Frequently a worker will have a pre-existing health condition. The pre-existing condition can be the result of numerous causes, including but not limited to the natural aging process, a prior work injury, or an accident unrelated to work.
Sometimes a pre-existing condition will make the worker more susceptible to a work injury. For example, a worker that has had prior shoulder or back surgery might be injured doing a job that would not have hurt a worker who did not have a pre-existing problem. The worker with the pre-existing condition is sometimes called an “eggshell plaintiff” because they are more easily injured than an average person. However, under Iowa work comp law even though a worker might be an eggshell plaintiff, if he gets hurt on the job he is entitled to receive workers’ compensation benefits.
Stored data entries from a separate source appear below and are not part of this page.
(* Let $\alpha\in(0,1]$ and let $G$ be a planar 3-tree with $n$ vertices. Then the tree $T(G)$ has at most $2n^{1-\alpha}$ hubs.
   Context: A planar 3-tree $G$ is constructed by starting from a triangle and repeatedly inserting a new vertex $u$ into a triangular face $\Delta=v_1v_2v_3$ of the current plane graph, joining $u$ to $v_1,v_2,v_3$. This process is encoded by a rooted tree $T=T(G)$: its nodes are triangles of $G$, its root is the initial triangle, and when $u$ is inserted into the face $\Delta=v_1v_2v_3$ (which is currently a leaf of $T$), the node $\Delta$ receives three children, the triangles $v_1v_2u$, $v_1uv_3$ and $uv_2v_3$. For a node $\Delta$ of $T$, let $V_\Delta$ be the set of vertices of $G$ lying in the interior of $\Delta$ (equivalently, the vertices inserted at nodes of the subtree rooted at $\Delta$), and $\mathrm{weight}(\Delta)=|V_\Delta|$. A node is heavy if its weight is at least $n^\alpha$. Hubs are defined top-down: the root of $T$ is a hub, and a non-root node $\Delta$ is a hub if $n^\alpha\le \mathrm{weight}(\Delta)\le \mathrm{weight}(\Delta')-n^\alpha$ for every hub $\Delta'$ that is an ancestor of $\Delta$. *)

From Stdlib Require Import Reals List.
Open Scope R_scope.

(* The construction tree T(G) of a planar 3-tree G.  A node is a triangle of G;
   a leaf is a triangle that never received a vertex (a face of G), and an
   internal node [Node t1 t2 t3] is a triangle v1v2v3 into which a vertex u was
   inserted, its three children being the subtrees of v1v2u, v1uv3, uv2v3. *)
Inductive ctree : Type :=
| Leaf : ctree
| Node : ctree -> ctree -> ctree -> ctree.

(* weight(Δ) = |V_Δ| = number of vertices inserted at nodes of the subtree. *)
Fixpoint weight (t : ctree) : nat :=
  match t with
  | Leaf => 0
  | Node a b c => S (weight a + weight b + weight c)
  end.

(* number of vertices of G: the 3 initial ones plus the inserted ones *)
Definition nverts (t : ctree) : nat := 3 + weight t.

Definition thr (alpha : R) (n : nat) : R := Rpower (INR n) alpha.

Definition Rleb (x y : R) : bool := if Rle_dec x y then true else false.

Definition is_hub (na : R) (w : nat) (ws : list nat) : bool :=
  Rleb na (INR w) && forallb (fun w' => Rleb (INR w) (INR w' - na)) ws.

(* number of hubs in a (non-root) subtree, given the weights ws of the hub
   ancestors of its root *)
Fixpoint hubs_below (na : R) (ws : list nat) (t : ctree) : nat :=
  let h := is_hub na (weight t) ws in
  let ws' := if h then weight t :: ws else ws in
  (if h then 1 else 0)%nat +
  match t with
  | Leaf => 0
  | Node a b c => hubs_below na ws' a + hubs_below na ws' b + hubs_below na ws' c
  end.

(* number of hubs of T; the root is always a hub *)
Definition num_hubs (alpha : R) (t : ctree) : nat :=
  let na := thr alpha (nverts t) in
  match t with
  | Leaf => 1
  | Node a b c =>
      1 + hubs_below na (weight t :: nil) a + hubs_below na (weight t :: nil) b
        + hubs_below na (weight t :: nil) c
  end%nat.

From Stdlib Require Import Reals List Lra Lia.
Open Scope R_scope.

(* Write [a = n^alpha].  Summarize the hubs strictly inside a subtree by the
   number [k] of its maximal hubs and their total weight [u]: then the number
   [g] of hubs satisfies [a g <= 2u - a k].  A hub of weight [w] whose maximal
   sub-hubs have total weight [u <= w] satisfies the same bound with [k = 1]:
   if it has no sub-hub this is [a <= w]; if it has exactly one, that sub-hub
   weighs at most [w - a] by the hub condition; if it has at least two, the
   [- a k] pays for the hub itself.  At the root [w <= n], so there are at
   most [2n/a = 2 n^(1-alpha)] hubs. *)

Record hub_profile (a cap : R) (hubs maximal mass size : nat) : Prop := {
  hubs_le_mass : a * INR hubs <= 2 * INR mass - a * INR maximal;
  mass_le_size : (mass <= size)%nat;
  mass_no_maximal : maximal = 0%nat -> mass = 0%nat;
  mass_one_maximal : maximal = 1%nat -> INR mass <= cap }.

Section HubProfile.

Variable a : R.
Hypothesis a_pos : 0 < a.

Lemma hub_profile0 cap : hub_profile a cap 0 0 0 0.
Proof. split; simpl; try lia; lra. Qed.

Lemma hub_profile_add cap g1 k1 u1 s1 g2 k2 u2 s2 :
  hub_profile a cap g1 k1 u1 s1 -> hub_profile a cap g2 k2 u2 s2 ->
  hub_profile a cap (g1 + g2) (k1 + k2) (u1 + u2) (s1 + s2).
Proof.
  intros [G1 S1 Z1 O1] [G2 S2 Z2 O2].
  split; [rewrite !plus_INR; lra | lia | intros E; rewrite Z1, Z2; lia |].
  intros E. destruct k1 as [|[|k1]]; [| |lia].
  - rewrite (Z1 eq_refl); apply O2; lia.
  - rewrite (Z2 ltac:(lia)), Nat.add_0_r; apply O1; reflexivity.
Qed.

Lemma hub_profile_add3 cap g1 k1 u1 s1 g2 k2 u2 s2 g3 k3 u3 s3 :
  hub_profile a cap g1 k1 u1 s1 -> hub_profile a cap g2 k2 u2 s2 ->
  hub_profile a cap g3 k3 u3 s3 ->
  hub_profile a cap (g1 + g2 + g3) (k1 + k2 + k3) (u1 + u2 + u3) (s1 + s2 + s3).
Proof. intros P1 P2 P3; apply hub_profile_add; [apply hub_profile_add|]; assumption. Qed.

Lemma hub_profile_close w g k u s :
  (s <= w)%nat -> hub_profile a (INR w - a) g k u s ->
  a * (1 + INR g) <= Rmax a (2 * INR w - a).
Proof.
  intros Hsw [G Hus Z O].
  assert (Huw : INR u <= INR w) by (apply le_INR; lia).
  pose proof (Rmult_le_pos a (INR g) ltac:(lra) (pos_INR g)).
  destruct k as [|[|k]].
  - rewrite (Z eq_refl) in G. simpl in G.
    apply Rle_trans with a; [lra|apply Rmax_l].
  - apply Rle_trans with (2 * INR w - a); [|apply Rmax_r].
    specialize (O eq_refl). simpl in G. lra.
  - apply Rle_trans with (2 * INR w - a); [|apply Rmax_r].
    assert (Hk : 2 <= INR (S (S k))) by (rewrite !S_INR; pose proof (pos_INR k); lra).
    nra.
Qed.

End HubProfile.

Lemma is_hub_bounds a w w0 rest :
  is_hub a w (w0 :: rest) = true -> a <= INR w <= INR w0 - a.
Proof.
  unfold is_hub, Rleb. cbn [forallb].
  destruct (Rle_dec a (INR w)), (Rle_dec (INR w) (INR w0 - a)); simpl;
    try discriminate; auto.
Qed.

Lemma hubs_below_profile a (a_pos : 0 < a) (t : ctree) :
  forall w0 rest, exists k u,
    hub_profile a (INR w0 - a) (hubs_below a (w0 :: rest) t) k u (weight t).
Proof.
  induction t as [|t1 IH1 t2 IH2 t3 IH3]; intros w0 rest.
  - exists 0%nat, 0%nat. cbn [hubs_below weight].
    destruct (is_hub a 0 (w0 :: rest)) eqn:H.
    + apply is_hub_bounds in H. simpl in H. lra.
    + apply hub_profile0.
  - cbn [hubs_below]. set (w := weight (Node t1 t2 t3)).
    assert (Hsize : (weight t1 + weight t2 + weight t3 <= w)%nat)
      by (unfold w; simpl; lia).
    destruct (is_hub a w (w0 :: rest)) eqn:H.
    + apply is_hub_bounds in H.
      destruct (IH1 w (w0 :: rest)) as [k1 [u1 P1]].
      destruct (IH2 w (w0 :: rest)) as [k2 [u2 P2]].
      destruct (IH3 w (w0 :: rest)) as [k3 [u3 P3]].
      pose proof (hub_profile_close a a_pos w _ _ _ _ Hsize
                    (hub_profile_add3 a _ _ _ _ _ _ _ _ _ _ _ _ _ P1 P2 P3)) as Hclose.
      rewrite Rmax_right in Hclose by lra.
      exists 1%nat, w. split; [|lia|lia|intros _; lra].
      rewrite plus_INR. change (INR 1) with 1. lra.
    + destruct (IH1 w0 rest) as [k1 [u1 P1]].
      destruct (IH2 w0 rest) as [k2 [u2 P2]].
      destruct (IH3 w0 rest) as [k3 [u3 P3]].
      exists (k1 + k2 + k3)%nat, (u1 + u2 + u3)%nat.
      destruct (hub_profile_add3 a _ _ _ _ _ _ _ _ _ _ _ _ _ P1 P2 P3) as [G Hus Z O].
      split; auto; lia.
Qed.

Lemma Rpower_mul_Rpower_one_minus x e :
  0 < x -> Rpower x e * Rpower x (1 - e) = x.
Proof.
  intros Hx. rewrite <- Rpower_plus.
  replace (e + (1 - e)) with 1 by ring. apply Rpower_1, Hx.
Qed.

Theorem lemma2 (alpha : R) (t : ctree) :
  0 < alpha <= 1 ->
  INR (num_hubs alpha t) <= 2 * Rpower (INR (nverts t)) (1 - alpha).
Proof.
  intros [alpha_pos alpha_le1].
  set (n := INR (nverts t)).
  set (a := Rpower n alpha).
  set (p := Rpower n (1 - alpha)).
  assert (Hn : INR (weight t) + 1 <= n)
    by (unfold n, nverts; rewrite plus_INR; simpl; lra).
  pose proof (pos_INR (weight t)).
  assert (a_pos : 0 < a) by (unfold a, Rpower; apply exp_pos).
  assert (Hp : 1 <= p) by (rewrite <- (Rpower_O n) by lra; apply Rle_Rpower; lra).
  assert (Hnap : a * p = n) by (apply Rpower_mul_Rpower_one_minus; lra).
  apply Rmult_le_reg_l with a; [exact a_pos|].
  destruct t as [|t1 t2 t3]; [simpl; nra|].
  unfold num_hubs. change (thr alpha (nverts (Node t1 t2 t3))) with a.
  set (W := weight (Node t1 t2 t3)) in *.
  destruct (hubs_below_profile a a_pos t1 W nil) as [k1 [u1 P1]].
  destruct (hubs_below_profile a a_pos t2 W nil) as [k2 [u2 P2]].
  destruct (hubs_below_profile a a_pos t3 W nil) as [k3 [u3 P3]].
  assert (Hsize : (weight t1 + weight t2 + weight t3 <= W)%nat) by (unfold W; simpl; lia).
  pose proof (hub_profile_close a a_pos W _ _ _ _ Hsize
                (hub_profile_add3 a _ _ _ _ _ _ _ _ _ _ _ _ _ P1 P2 P3)) as Hclose.
  rewrite <- !Nat.add_assoc, plus_INR, Nat.add_assoc. change (INR 1) with 1.
  apply Rle_trans with (1 := Hclose), Rmax_lub; nra.
Qed.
Sometimes a worker may have a pre-existing condition that is completely latent or symptom free and does not cause him any problems. If a worker with such an asymptomatic condition is injured on the job he will generally be entitled to be compensated for the entire resulting disability from the injury even though the final disability is caused by a combination of the pre-existing condition and the work injury.
Other times a worker may have limitations or problems because of the pre-existing condition. If this worker is injured on the job he is generally only entitled to be compensated for the increase in his disability caused by the work injury.
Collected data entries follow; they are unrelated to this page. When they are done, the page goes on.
Lemma Lprod_mul_Uprod : Lprod n x *m Uprod n x = vander_nat.
Proof.
have [n0 | n_pos] := posnP n.
  by apply/matrixP => i; have := ltn_ord i; rewrite {2}n0.
rewrite /Lprod /Uprod foldr_Lmat_iota // foldr_Umat_rev_iota //.
have -> : (n - n.-1)%N = 1%N by lia.
exact: Lpart1_mul_Upart1.
Qed.

End VandermondeLU.

Lemma mulmx_Dmat (R : realFieldType) n m (A : 'M[R]_n) :
  A *m Dmat n m = \matrix_(i, l) (A i l * (if (l <= m)%N then ('C(m, l))%:R else 0)).
Proof.
apply/matrixP => i l; rewrite !mxE (bigD1 l) //= big1 ?addr0; first by rewrite mxE eqxx.
by move=> k kl; rewrite mxE (negbTE kl) mulr0.
Qed.

Lemma Spow_vander (R : realFieldType) n m (x y : nat -> R) : (m < n)%N ->
  Spow n m x y = (vander_nat n x *m Dmat n m) *m (vander_nat n y)^T.
Proof.
move=> mn; rewrite mulmx_Dmat; apply/matrixP => i j; rewrite !mxE addrC exprD1n.
rewrite (big_ord_widen n (fun l => (x i.+1 * y j.+1) ^+ l *+ 'C(m, l)) mn) big_mkcond.
apply: eq_bigr => l _; rewrite !mxE ltnS.
by case: ifP => _; rewrite ?mulr0 ?mul0r // -mulr_natr exprMn; ring.
Qed.

Theorem theorem2p4 (R : realFieldType) (n m : nat) (x y : nat -> R) :
  (2 <= n)%N -> (1 <= m <= n - 1)%N ->
  distinct_on n x -> distinct_on n y ->
  Spow n m x y =
  ((Lprod n x *m Uprod n x) *m Dmat n m) *m (Lprod n y *m Uprod n y)^T.
Proof.
move=> n2 /andP[_ m_lt] x_distinct y_distinct.
rewrite !Lprod_mul_Uprod //; apply: Spow_vander; lia.
Qed.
An important Iowa work comp rule is that in order for an injured worker with an aggravation of a pre-existing condition to be eligible to receive permanent partial disability (PPD) benefits the aggravation must be permanent, material and substantial.
A frequent dispute in aggravation cases is whether or not the worker returned to the baseline level of impairment he had before the injury. If the condition does return to the baseline level the worker will only be entitled to receive temporary total disability (TTD) benefits. If the condition does not return to the baseline level the worker will be entitled to receive both TTD and PPD benefits.
An injured worker’s own testimony on the issue of whether or not the condition returned to baseline is important. However, the opinions of the treating physicians and the Independent Medical Examiner (IME) doctors frequently end up deciding this type of controversy.
The most frequent dispute in aggravation cases is probably whether the worker’s job actually aggravated the pre-existing problem, or is the worsening of the condition simply because of the natural progression of the problem. This is another area where the opinions of the treating physicians and the IME doctors usually end up being the deciding factor.